Tymczasem człowiek nazywany czasem putinowskim Rasputinem, niejaki Aleksander Dugin proponuje Rosji zwrócenie się na Wschód. I odrzucenie Europy, która, niewdzięcznica!, najwyraźniej nie potrafi dostrzec wyjątkowości byłego Imperium carów.
W opublikowanym w… Myśli Polskiej (tylko to wyraźnie wskazuje, co to za portal) tekście Suwerenna skuteczność pisze:
…Zachodowi udało się wciągnąć nas w wojnę. Tym samym, jakiekolwiek perspektywy współpracy z nim zostały przekreślone, jeśli nie na zawsze, to przynajmniej na długo. (…) Rosji nie jest po drodze ani z obecnymi, ani z przyszłymi elitami Zachodu. Ani w perspektywie krótkoterminowej, ani w średnioterminowej, ani w długoterminowej. Owszem, przyjdzie czas, że temperatura konfrontacji spadnie, ale kardynalnie niczego to już nie zmieni. A może i nie spadnie, lecz, na odwrót, wzrośnie.
Tak czy inaczej, nadszedł czas, byśmy skoncentrowali się na samych sobie i na tym świecie, który pozostał dla nas otwarty, po zamknięciu kierunku europejskiego.
Moim zdaniem, pierwszoplanową rolę powinna w tej sytuacji odgrywać nowa zasada: suwerennej skuteczności. Wymaga ona jakościowej zmiany zarządzania państwem.
Przed rozpoczęciem Specjalnej Operacji Wojskowej (SOW) kryteria skuteczności opierały się na dwóch czynnikach:
– postępach w procesie integracji ze światową gospodarką, co zakładało ruch w stronę Zachodu i kontrolowanych przez niego instytucji globalnych;
– sukcesach w sferze wzmocnienia suwerenności, przede wszystkim w sferze zarządzania politycznego i potencjału militarnego.
Teraz pierwszy czynnik stracił znaczenie, pozostał jedynie drugi. Podkreślam: wyłącznie ten drugi. Pierwszego już nie ma. (…)
Prezydent jasno dał do zrozumienia, że się nie odwróci i że to tylko początek.
Koniec lawirowania
Tymczasem zwolennicy Zachodu i liberałowie wciąż mają nadzieję – a może jednak…

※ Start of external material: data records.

(* Let $k\ge1$, $n_1,\dots,n_k\ge2$, $n=n_1+\cdots+n_k$, and $C\in\mathbb{S}^{n+1}$. Consider (Spheres-BM): minimize $\langle CY,Y\rangle$ over $Y\in\mathbb{R}^{(n+1)\times p}$ with $Y^\top=(Y_1^\top\ \cdots\ Y_k^\top\ y)$, $Y_i\in\mathbb{R}^{n_i\times p}$, $y\in\mathbb{R}^p$, subject to $\|Y_1\|=\cdots=\|Y_k\|=1$ and $\|y\|=1$; and (Spheres-SDP): minimize $\langle C,X\rangle$ over $X\in\mathbb{S}^{n+1}$ subject to $\operatorname{tr}(X_{11})=\cdots=\operatorname{tr}(X_{kk})=1$, $X_{n+1,n+1}=1$, $X\succeq0$. If $p\ge\max(2,k)$, then every second-order critical point $Y$ of (Spheres-BM) is globally optimal for (Spheres-BM), and $YY^\top$ is globally optimal for (Spheres-SDP).
   Context: $\langle U,V\rangle=\operatorname{tr}(U^\top V)$, $\|\cdot\|$ Frobenius/Euclidean norm; $\mathbb{S}^{N}$ the real symmetric $N\times N$ matrices. $X_{ii}$ denotes the $n_i\times n_i$ diagonal block of $X$ corresponding to the $i$-th group of coordinates (the first $n$ coordinates are split consecutively into groups of sizes $n_1,\dots,n_k$), and $X_{n+1,n+1}$ its last diagonal entry. Both problems are instances of the general form with constraint matrices $A_i$ ($i=1,\dots,k$) equal to the block-diagonal matrix with $I_{n_i}$ in the $i$-th block and zeros elsewhere, $A_{k+1}=e_{n+1}e_{n+1}^\top$, and all right-hand sides equal to $1$; write $\mathcal{A}(X)_i=\langle A_i,X\rangle$, $\mathcal{A}^*(\nu)=\sum_i\nu_iA_i$. For feasible $Y$: $T_Y=\{\dot Y:\langle A_iY,\dot Y\rangle=0\ \forall i\}$; $G_{ij}=\langle A_iY,A_jY\rangle$; $\mu=G^\dagger\mathcal{A}(CYY^\top)$; $S(Y)=C-\mathcal{A}^*(\mu)$. $Y$ is second-order critical if $S(Y)Y=0$ and $\langle\dot Y,S(Y)\dot Y\rangle\ge0$ for all $\dot Y\in T_Y$. *)

From HB Require Import structures.
From mathcomp Require Import all_boot all_order all_algebra.
From mathcomp Require Import reals.
From Stdlib Require Import ClassicalEpsilon.
Set Implicit Arguments. Unset Strict Implicit. Unset Printing Implicit Defensive.
Import Order.TTheory GRing.Theory Num.Theory.
Local Open Scope ring_scope.

Section General.
Variable R : realType.

Definition inner (m q : nat) (U V : 'M[R]_(m, q)) : R := \tr (U^T *m V).

(* Moore-Penrose pseudo-inverse, characterised by the four Penrose equations
   (it always exists and is unique over the reals). *)
Definition penrose (m : nat) (G X : 'M[R]_m) : Prop :=
  [/\ G *m X *m G = G, X *m G *m X = X, (G *m X)^T = G *m X & (X *m G)^T = X *m G].
Definition mpinv (m : nat) (G : 'M[R]_m) : 'M[R]_m :=
  epsilon (inhabits 0) (penrose G).

Variables (m N : nat) (A : 'I_m -> 'M[R]_N).

Definition Amap (X : 'M[R]_N) : 'cV[R]_m := \col_i inner (A i) X.
Definition Aadj (nu : 'cV[R]_m) : 'M[R]_N := \sum_i nu i 0 *: A i.

Definition bm_feasible (p : nat) (Y : 'M[R]_(N, p)) : Prop :=
  forall i, inner (A i) (Y *m Y^T) = 1.
Definition bm_cost (C : 'M[R]_N) (p : nat) (Y : 'M[R]_(N, p)) : R :=
  inner (C *m Y) Y.
Definition bm_optimal (C : 'M[R]_N) (p : nat) (Y : 'M[R]_(N, p)) : Prop :=
  bm_feasible Y /\
  forall Z : 'M[R]_(N, p), bm_feasible Z -> bm_cost C Y <= bm_cost C Z.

Nowe warunki wpłyną też na tych wysokich rangą urzędników, którzy pozostawali w zawieszeniu pomiędzy orientacją zachodnią a suwerennością. Na pierwszy rzut oka ich sytuacja jest nieco lepsza: wystarczy tylko przesunąć priorytety w stronę suwerenności. Kryje się jednak za tym problem polegający na tym, że ich dotychczasowe lawirowanie tworzyło dla nich komfortową sytuację, w której można było w ogóle nic nie robić, argumentując to skomplikowanym charakterem postawionych zadań. Po rozpoczęciu SOW takie wymówki nic już nie dadzą. Trzeba będzie wylegitymować się osiągnięciami w sferze suwerenności. A z tym są ewidentne kłopoty. To dobrze, jeśli ich nie ma. Coś mi jednak mówi, że są, również u tej kategorii elity władzy.(…)
Warunki nie są już pokojowe i wymagają odpowiednich ludzi, ludzi czasu wojny.

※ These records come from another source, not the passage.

(* Consider a market with $M$ consumers $\mathcal{M}=\{1,\dots,M\}$ and $N$ suppliers $\mathcal{N}=\{1,\dots,N\}$, constants $d_0>0$, $\kappa_0>0$ with $Md_0<N\kappa_0$. For each $i\in\mathcal{M}$, $U_i$ is concave, strictly increasing and continuously differentiable on $[d_0,\infty)$ with $U_i(d_0)=0$; for each $i\in\mathcal{N}$, $C_i:\mathbb{R}\to\mathbb{R}$ is convex, strictly increasing and continuously differentiable with $C_i(s)\ge0$ for $s\ge0$ and $C_i(s)=0$ for $s\le0$. Define the game $\mathcal{G}$ whose players are $\mathcal{M}\cup\mathcal{N}$; consumer $i$ chooses $\theta_d^i\ge0$ and supplier $i$ chooses $\theta_s^i\ge 0$. For a profile $(\boldsymbol{\theta}_d,\boldsymbol{\theta}_s)$ with $\sum_i\theta_d^i+\sum_i\theta_s^i>0$, the price is $p(\boldsymbol{\theta}_d,\boldsymbol{\theta}_s)=\frac{\sum_i\theta_d^i+\sum_i\theta_s^i}{N\kappa_0-Md_0}$ and the payoffs are $$\pi_d^i=U_i\!\left(d_0+\frac{\theta_d^i}{p}\right)-p\,d_0-\theta_d^i\ (i\in\mathcal{M}),\qquad \pi_s^i=p\,\kappa_0-\theta_s^i-C_i\!\left(\kappa_0-\frac{\theta_s^i}{p}\right)\ (i\in\mathcal{N}),$$ with $p=p(\boldsymbol{\theta}_d,\boldsymbol{\theta}_s)$. If all parameters are zero, by convention each consumer is allocated $d_0$, each supplier $\kappa_0$, and the price is $0$ (so consumer payoffs are $U_i(d_0)=0$ and supplier payoffs are $-C_i(\kappa_0)$). Suppose some supplier is pivotal, i.e. $\frac{(N-1)\kappa_0}{Md_0}<1$. Then $\mathcal{G}$ admits no (pure) Nash equilibrium.
   Context: A Nash equilibrium is a profile $(\tilde{\boldsymbol{\theta}}_d,\tilde{\boldsymbol{\theta}}_s)$ of nonnegative parameters such that no consumer and no supplier can strictly increase its own payoff by unilaterally changing its own parameter to another nonnegative value. The quantity $\frac{(N-1)\kappa_0}{Md_0}$ is the residual supply index of a supplier. *)

From Stdlib Require Import Reals Lra.
From Coquelicot Require Import Coquelicot.
Open Scope R_scope.

Fixpoint sumR (n : nat) (f : nat -> R) : R :=
  match n with
  | O => 0
  | S k => sumR k f + f k
  end.

Definition upd (th : nat -> R) (i : nat) (t : R) : nat -> R :=
  fun k => if Nat.eqb k i then t else th k.

Definition concave_on_Ici (f : R -> R) (a : R) : Prop :=
  forall x y t, a <= x -> a <= y -> 0 <= t <= 1 ->
    t * f x + (1 - t) * f y <= f (t * x + (1 - t) * y).

Definition strict_incr_on_Ici (f : R -> R) (a : R) : Prop :=
  forall x y, a <= x -> x < y -> f x < f y.

Definition C1_on_Ici (f : R -> R) (a : R) : Prop :=
  exists f' : R -> R,
    (forall x, a < x -> is_derive f x (f' x)) /\
    filterlim (fun h => (f (a + h) - f a) / h) (at_right 0) (locally (f' a)) /\
    (forall x, a < x -> continuous f' x) /\
    filterlim f' (at_right a) (locally (f' a)).

Definition convex_R (f : R -> R) : Prop :=
  forall x y t, 0 <= t <= 1 ->
    f (t * x + (1 - t) * y) <= t * f x + (1 - t) * f y.

Definition C1_R (f : R -> R) : Prop :=
  exists f' : R -> R, forall x, is_derive f x (f' x) /\ continuous f' x.

Definition total_bid (M N : nat) (td ts : nat -> R) : R :=
  sumR M td + sumR N ts.

Definition price (M N : nat) (d0 k0 : R) (td ts : nat -> R) : R :=
  total_bid M N td ts / (INR N * k0 - INR M * d0).

(* Consumer i's payoff; when all parameters are zero (total bid not > 0),
   the allocation is d0 and the price 0, so the payoff is U_i(d0). *)
Definition payoff_d (M N : nat) (d0 k0 : R) (U : nat -> R -> R)
    (td ts : nat -> R) (i : nat) : R :=
  if Rlt_dec 0 (total_bid M N td ts) then
    let p := price M N d0 k0 td ts in
    U i (d0 + td i / p) - p * d0 - td i
  else U i d0.

(* Supplier i's payoff; when all parameters are zero, allocation k0 and
   price 0, so the payoff is - C_i(k0). *)
Definition payoff_s (M N : nat) (d0 k0 : R) (C : nat -> R -> R)
    (td ts : nat -> R) (i : nat) : R :=
  if Rlt_dec 0 (total_bid M N td ts) then
    let p := price M N d0 k0 td ts in
    p * k0 - ts i - C i (k0 - ts i / p)
  else - C i k0.

Definition is_NE (M N : nat) (d0 k0 : R) (U C : nat -> R -> R)
    (td ts : nat -> R) : Prop :=
  (forall i, (i < M)%nat -> 0 <= td i) /\
  (forall i, (i < N)%nat -> 0 <= ts i) /\
  (forall i, (i < M)%nat -> forall t, 0 <= t ->
      payoff_d M N d0 k0 U (upd td i t) ts i <= payoff_d M N d0 k0 U td ts i) /\
  (forall i, (i < N)%nat -> forall t, 0 <= t ->
      payoff_s M N d0 k0 C td (upd ts i t) i <= payoff_s M N d0 k0 C td ts i).

Definition RSI (M N : nat) (d0 k0 : R) : R :=
  (INR N - 1) * k0 / (INR M * d0).

(* Being pivotal (RSI < 1) means that the price denominator N k0 - M d0 is
   smaller than a single capacity k0.  If one supplier alone raises its bid t,
   the price p is at least t / (N k0 - M d0), so its revenue p k0 - t grows at
   least like t (k0 / (N k0 - M d0) - 1), a positive multiple of t, while its
   cost never exceeds C(k0) because its supply k0 - t / p stays below k0.  Its
   payoff is thus unbounded in its own bid, so it has no best response. *)
From Stdlib Require Import Reals Lra Lia.
From Coquelicot Require Import Coquelicot.
Open Scope R_scope.

Lemma sumR_ge0 n f : (forall k, (k < n)%nat -> 0 <= f k) -> 0 <= sumR n f.
Proof.
  induction n as [|n IH]; simpl; intros Hf; [lra|].
  assert (0 <= sumR n f) by (apply IH; intros; apply Hf; lia).
  assert (0 <= f n) by (apply Hf; lia).
  lra.
Qed.

Lemma le_sumR n f i : (forall k, (k < n)%nat -> 0 <= f k) ->
  (i < n)%nat -> f i <= sumR n f.
Proof.
  induction n as [|n IH]; simpl; intros Hf Hi; [lia|].
  destruct (Nat.eq_dec i n) as [->|Hne].
  - assert (0 <= sumR n f) by (apply sumR_ge0; intros; apply Hf; lia). lra.
  - assert (f i <= sumR n f) by (apply IH; [intros; apply Hf; lia | lia]).
    assert (0 <= f n) by (apply Hf; lia).
    lra.
Qed.

Lemma RSI_lt1_excess_lt (M N : nat) (d0 k0 : R) :
  (0 < M)%nat -> 0 < d0 -> RSI M N d0 k0 < 1 ->
  INR N * k0 - INR M * d0 < k0.
Proof.
  intros HM Hd0 Hpivot.
  assert (HMd0 : 0 < INR M * d0) by (apply Rmult_lt_0_compat; [apply lt_0_INR; lia | lra]).
  unfold RSI in Hpivot.
  apply Rmult_lt_compat_r with (r := INR M * d0) in Hpivot; [|exact HMd0].
  unfold Rdiv in Hpivot.
  rewrite Rmult_assoc, Rinv_l, Rmult_1_r in Hpivot by lra.
  lra.
Qed.

Lemma cost_le_at_capacity (c : R -> R) (k0 s : R) :
  (forall x y, 0 <= x -> x < y -> c x < c y) ->
  (forall x, 0 <= x -> 0 <= c x) ->
  (forall x, x <= 0 -> c x = 0) ->
  0 <= k0 -> s <= k0 -> c s <= c k0.
Proof.
  intros Hincr Hnonneg Hzero Hk0 Hs.
  destruct (Rle_lt_dec s 0) as [Hs0|Hs0].
  - rewrite (Hzero s Hs0). auto.
  - destruct (Req_dec s k0) as [->|Hne]; [lra|].
    left. apply Hincr; lra.
Qed.

Section PivotalSupplier.

Variables (M N : nat) (d0 k0 : R) (C : nat -> R -> R) (td ts : nat -> R).
Hypotheses (Hk0 : 0 < k0) (Hcap : INR M * d0 < INR N * k0).
Hypotheses (Htd : forall i, (i < M)%nat -> 0 <= td i)
           (Hts : forall i, (i < N)%nat -> 0 <= ts i).

Lemma payoff_s_upd_ge i t :
  (i < N)%nat -> 0 < t ->
  (forall s, s <= k0 -> C i s <= C i k0) ->
  t * (k0 / (INR N * k0 - INR M * d0) - 1) - C i k0
    <= payoff_s M N d0 k0 C td (upd ts i t) i.
Proof.
  intros Hi Ht Hcost.
  set (D := INR N * k0 - INR M * d0).
  assert (HD : 0 < D) by (unfold D; lra).
  assert (Hupd : forall k, (k < N)%nat -> 0 <= upd ts i t k).
  { intros k Hk. unfold upd. destruct (Nat.eqb k i); [lra | auto]. }
  assert (Hti : upd ts i t i = t) by (unfold upd; rewrite Nat.eqb_refl; reflexivity).
  assert (Hbid : t <= total_bid M N td (upd ts i t)).
  { unfold total_bid. rewrite <- Hti at 1.
    pose proof (le_sumR N (upd ts i t) i Hupd Hi).
    pose proof (sumR_ge0 M td Htd). lra. }
  unfold payoff_s.
  destruct (Rlt_dec 0 (total_bid M N td (upd ts i t))) as [_|Hneg]; [|lra].
  unfold price. fold D. rewrite Hti.
  set (T := total_bid M N td (upd ts i t)) in *.
  assert (Hp : 0 < T / D) by (apply Rdiv_lt_0_compat; lra).
  assert (Hrev : t * (k0 / D) <= T / D * k0).
  { replace (t * (k0 / D)) with (t / D * k0) by (field; lra).
    apply Rmult_le_compat_r; [lra|].
    apply Rmult_le_compat_r; [left; apply Rinv_0_lt_compat|]; lra. }
  assert (Hsupply : 0 <= t / (T / D)) by (apply Rdiv_le_0_compat; lra).
  pose proof (Hcost (k0 - t / (T / D)) ltac:(lra)).
  lra.
Qed.

Lemma payoff_s_unbounded i :
  (i < N)%nat -> INR N * k0 - INR M * d0 < k0 ->
  (forall s, s <= k0 -> C i s <= C i k0) ->
  forall P, exists t, 0 <= t /\ P < payoff_s M N d0 k0 C td (upd ts i t) i.
Proof.
  intros Hi Hpivot Hcost P.
  set (D := INR N * k0 - INR M * d0) in *.
  assert (HD : 0 < D) by (unfold D; lra).
  assert (Ha : 0 < k0 / D - 1).
  { replace (k0 / D - 1) with ((k0 - D) / D) by (field; lra).
    apply Rdiv_lt_0_compat; lra. }
  set (t := (Rabs P + Rabs (C i k0) + 1) / (k0 / D - 1)).
  assert (Hgain : t * (k0 / D - 1) = Rabs P + Rabs (C i k0) + 1)
    by (unfold t; field; lra).
  assert (Ht : 0 < t).
  { apply Rdiv_lt_0_compat; [|lra].
    pose proof (Rabs_pos P); pose proof (Rabs_pos (C i k0)); lra. }
  exists t; split; [lra|].
  pose proof (payoff_s_upd_ge i t Hi Ht Hcost) as Hge. fold D in Hge.
  pose proof (Rle_abs P); pose proof (Rle_abs (C i k0)).
  lra.
Qed.

End PivotalSupplier.

Theorem lemma1 (M N : nat) (d0 k0 : R) (U C : nat -> R -> R)
  (HM : (0 < M)%nat)
  (Hd0 : 0 < d0) (Hk0 : 0 < k0)
  (Hcap : INR M * d0 < INR N * k0)
  (HU_conc : forall i, (i < M)%nat -> concave_on_Ici (U i) d0)
  (HU_incr : forall i, (i < M)%nat -> strict_incr_on_Ici (U i) d0)
  (HU_C1 : forall i, (i < M)%nat -> C1_on_Ici (U i) d0)
  (HU_0 : forall i, (i < M)%nat -> U i d0 = 0)
  (HC_conv : forall i, (i < N)%nat -> convex_R (C i))
  (HC_incr : forall i, (i < N)%nat -> forall x y, 0 <= x -> x < y -> C i x < C i y)
  (HC_C1 : forall i, (i < N)%nat -> C1_R (C i))
  (HC_nonneg : forall i, (i < N)%nat -> forall s, 0 <= s -> 0 <= C i s)
  (HC_zero : forall i, (i < N)%nat -> forall s, s <= 0 -> C i s = 0)
  (Hpivot : RSI M N d0 k0 < 1) :
  ~ (exists td ts : nat -> R, is_NE M N d0 k0 U C td ts).
Proof.
  intros [td [ts [Htd [Hts [_ Hbest]]]]].
  assert (HN : (0 < N)%nat).
  { destruct N; [|lia]. pose proof (pos_INR M). simpl in Hcap. nra. }
  assert (Hcost : forall s, s <= k0 -> C 0%nat s <= C 0%nat k0)
    by (intros s Hs; apply cost_le_at_capacity; auto; lra).
  destruct (payoff_s_unbounded M N d0 k0 C td ts Hk0 Hcap Htd Hts 0 HN
              (RSI_lt1_excess_lt M N d0 k0 HM Hd0 Hpivot) Hcost
              (payoff_s M N d0 k0 C td ts 0)) as [t [Ht Hgain]].
  specialize (Hbest 0%nat HN t Ht).
  lra.
Qed.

Wszystko to prowadzi do wniosku, że nowe kryterium suwerennej skuteczności wkrótce zacznie być stosowane we wszystkich obszarach, przede wszystkim w rządzeniu krajem, zachowaniu elit rządzących, polityce kadrowej, reformie instytucji, które trzeba będzie przestawić na nowy tryb. Sytuacja nie jest beznadziejna, nie może jednak nie odbić się na doborze kadr. I z pewnością się na nim odbije.
Rzecz jasna tekst jest dłuższy, niemniej to, co zacytowałem wyżej stanowi najważniejsze przesłanie putinowskiego ideologa.

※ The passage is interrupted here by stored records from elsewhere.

Definition ito_cap (R : realFieldType) (M N K T : nat) (e : 'I_M -> 'I_N -> R)
    (u v : ito_vtx M N K) : nat :=
  match u, v with
  | inl true, inr (inl _) => 1
  | inr (inl i), inr (inr (j, k)) =>
      if first_slot T e i j k then 1 else 0
  | inr (inr (j, k)), inr (inr (j', k')) =>
      if (j == j') && (nat_of_ord k' == (nat_of_ord k).+1) then K else 0
  | inr (inr _), inl false => 1
  | _, _ => 0%N
  end.

(* None = NULL station; Some (j,k) = working slot k of station s_j *)
Definition assignment (M N K : nat) := 'I_M -> option ('I_N * 'I_K).

Definition feasible (R : realFieldType) (M N K T : nat)
    (e : 'I_M -> 'I_N -> R) (a : assignment M N K) : Prop :=
  (forall i j k, a i = Some (j, k) -> e i j <= ((k * T)%N)%:R) /\
  (forall i i', a i != None -> a i = a i' -> i = i').

Definition total_idle_time (M N K T : nat) (a : assignment M N K) : nat :=
  (T * (N * K - #|[set i | a i != None]|))%N.

Definition min_idle (R : realFieldType) (M N K T : nat)
    (e : 'I_M -> 'I_N -> R) (a : assignment M N K) : Prop :=
  feasible T e a /\
  forall b : assignment M N K, feasible T e b ->
    (total_idle_time T a <= total_idle_time T b)%N.

(* the assignment read off a path decomposition: agent a_i is assigned slot
   s_{j,k} if some path goes source -> a_i -> ... -> s_{j,k} -> sink, and the
   NULL station if no path passes through a_i *)
Definition induced_assignment (M N K : nat) (P : seq (seq (ito_vtx M N K)))
    (a : assignment M N K) : Prop :=
  forall i, match a i with
  | None => forall p, p \in P -> ito_agent i \notin p
  | Some (j, k) => exists2 p, p \in P &
      (nth ito_src p 1 == ito_agent i) &&
      (nth ito_src p (size p).-2 == ito_slot j k)
  end.

From mathcomp Require Import all_boot all_order all_algebra.
From mathcomp Require Import zify.
Set Implicit Arguments. Unset Strict Implicit. Unset Printing Implicit Defensive.
Import Order.TTheory GRing.Theory Num.Theory.
Lemma row_component_contractive i h : hnorm (X i h) <= hnorm h.
Proof.
  assert (E : hnorm (X i h) * hnorm (X i h) = re (hinner h (A i (X i h))))
    by (rewrite hnorm_sq, X_adj; reflexivity).
  pose proof (re_inner_le_hnorm _ h (A i (X i h))).
  pose proof (row_adjoint_contractive i (X i h)).
  pose proof (hnorm_nonneg _ h). pose proof (hnorm_nonneg _ (X i h)).
  nra.
Qed.

Lemma row_contraction_of_adjoint :
  (forall i, additive (X i)) -> (forall i, homog (X i)) -> row_contraction n X.
Proof.
  intros Hadd Hhom. split.
  - intro i. split; [apply Hadd|]. split; [apply Hhom|].
    exists 1. intro x. rewrite Rmult_1_l. apply row_component_contractive.
  - exists A. split; [exact X_adj|exact row_le].
Qed.

End RowContraction.

Lemma row_contraction_contractive n (X : Fin.t n -> op H) :
  row_contraction n X -> forall i h, hnorm (X i h) <= hnorm h.
Proof. intros [_ [A [Hadj Hle]]]. exact (row_component_contractive n X A Hadj Hle). Qed.

End Operators.

(** * Evaluation of polynomials *)

Section Evaluation.
Variable H : Hilbert.
Variables n1 n2 : nat.
Variable T1 : Fin.t n1 -> op H.
Variable T2 : Fin.t n2 -> op H.

Definition lin {n} (T : Fin.t n -> op H) := forall i, additive H (T i) /\ homog H (T i).

Lemma eval_word_additive {n} (T : Fin.t n -> op H) w : lin T -> additive H (eval_word T w).
Proof.
  intros L x y. induction w; simpl; auto. rewrite IHw. apply (L a).
Qed.

Lemma eval_word_homog {n} (T : Fin.t n -> op H) w : lin T -> homog H (eval_word T w).
Proof.
  intros L c x. induction w; simpl; auto. rewrite IHw. apply (L a).
Qed.

Lemma eval_word_app {n} (T : Fin.t n -> op H) x y h :
  eval_word T (x ++ y) h = eval_word T x (eval_word T y h).
Proof. unfold eval_word. apply fold_right_app. Qed.

Lemma eval_word_contractive {n} (T : Fin.t n -> op H) w h :
  (forall i h, hnorm (T i h) <= hnorm h) -> hnorm (eval_word T w h) <= hnorm h.
Proof.
  intro K. induction w; simpl. lra. eapply Rle_trans; [apply K|]. auto.
Qed.

Hypothesis T1_lin : lin T1.
Hypothesis T2_lin : lin T2.
Hypothesis T12_comm : forall i j h, T1 i (T2 j h) = T2 j (T1 i h).

Lemma eval_word_comm x y h : eval_word T1 x (eval_word T2 y h) = eval_word T2 y (eval_word T1 x h).
Proof.
  assert (A : forall i y h, T1 i (eval_word T2 y h) = eval_word T2 y (T1 i h)).
  { intros i y0. induction y0; intro h0; simpl; auto. rewrite T12_comm, IHy0. reflexivity. }
  revert h. induction x; intro h; simpl; auto. rewrite IHx, A. reflexivity.
Qed.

Tak więc Rosja kierunek europejski uważa za zamknięty. Za chwilę będzie to coraz wyraźniej widoczne na ulicach Moskwy i Petersburga. Dawna fabryka Renaulta w Moskwie ma bowiem wszcząć produkcję Moskwiczy. Młodszym przypominam – taka marka samochodów już była. Jeden z modeli, oznaczony jako 408 był nawet uważany za dość nowoczesny… pod koniec lat 1960-tych. ;)
Teraz marka powraca ale… pod postacią opatrzonych rosyjskimi napisami pojazdów chińskiej firmy JAC.
Tak właśnie wyglądać ma w realu zmiana optyki postulowana przez Dugina?
Pomijam już samoloty pasażerskie, które za chwilę będą stały na lotniskach czy też pociągi, w tym kolei transsyberyjskiej. Na przeszkodzie dalszego świetlanego rozwoju państwa oferującego innym prócz surowców naturalnych i broni jeszcze tylko alkohol stanął bowiem brak łożysk tocznych, których produkcji przemysł Rosji, wcześniej zaś Związku Sowieckiego, nigdy tak naprawdę nie opanował.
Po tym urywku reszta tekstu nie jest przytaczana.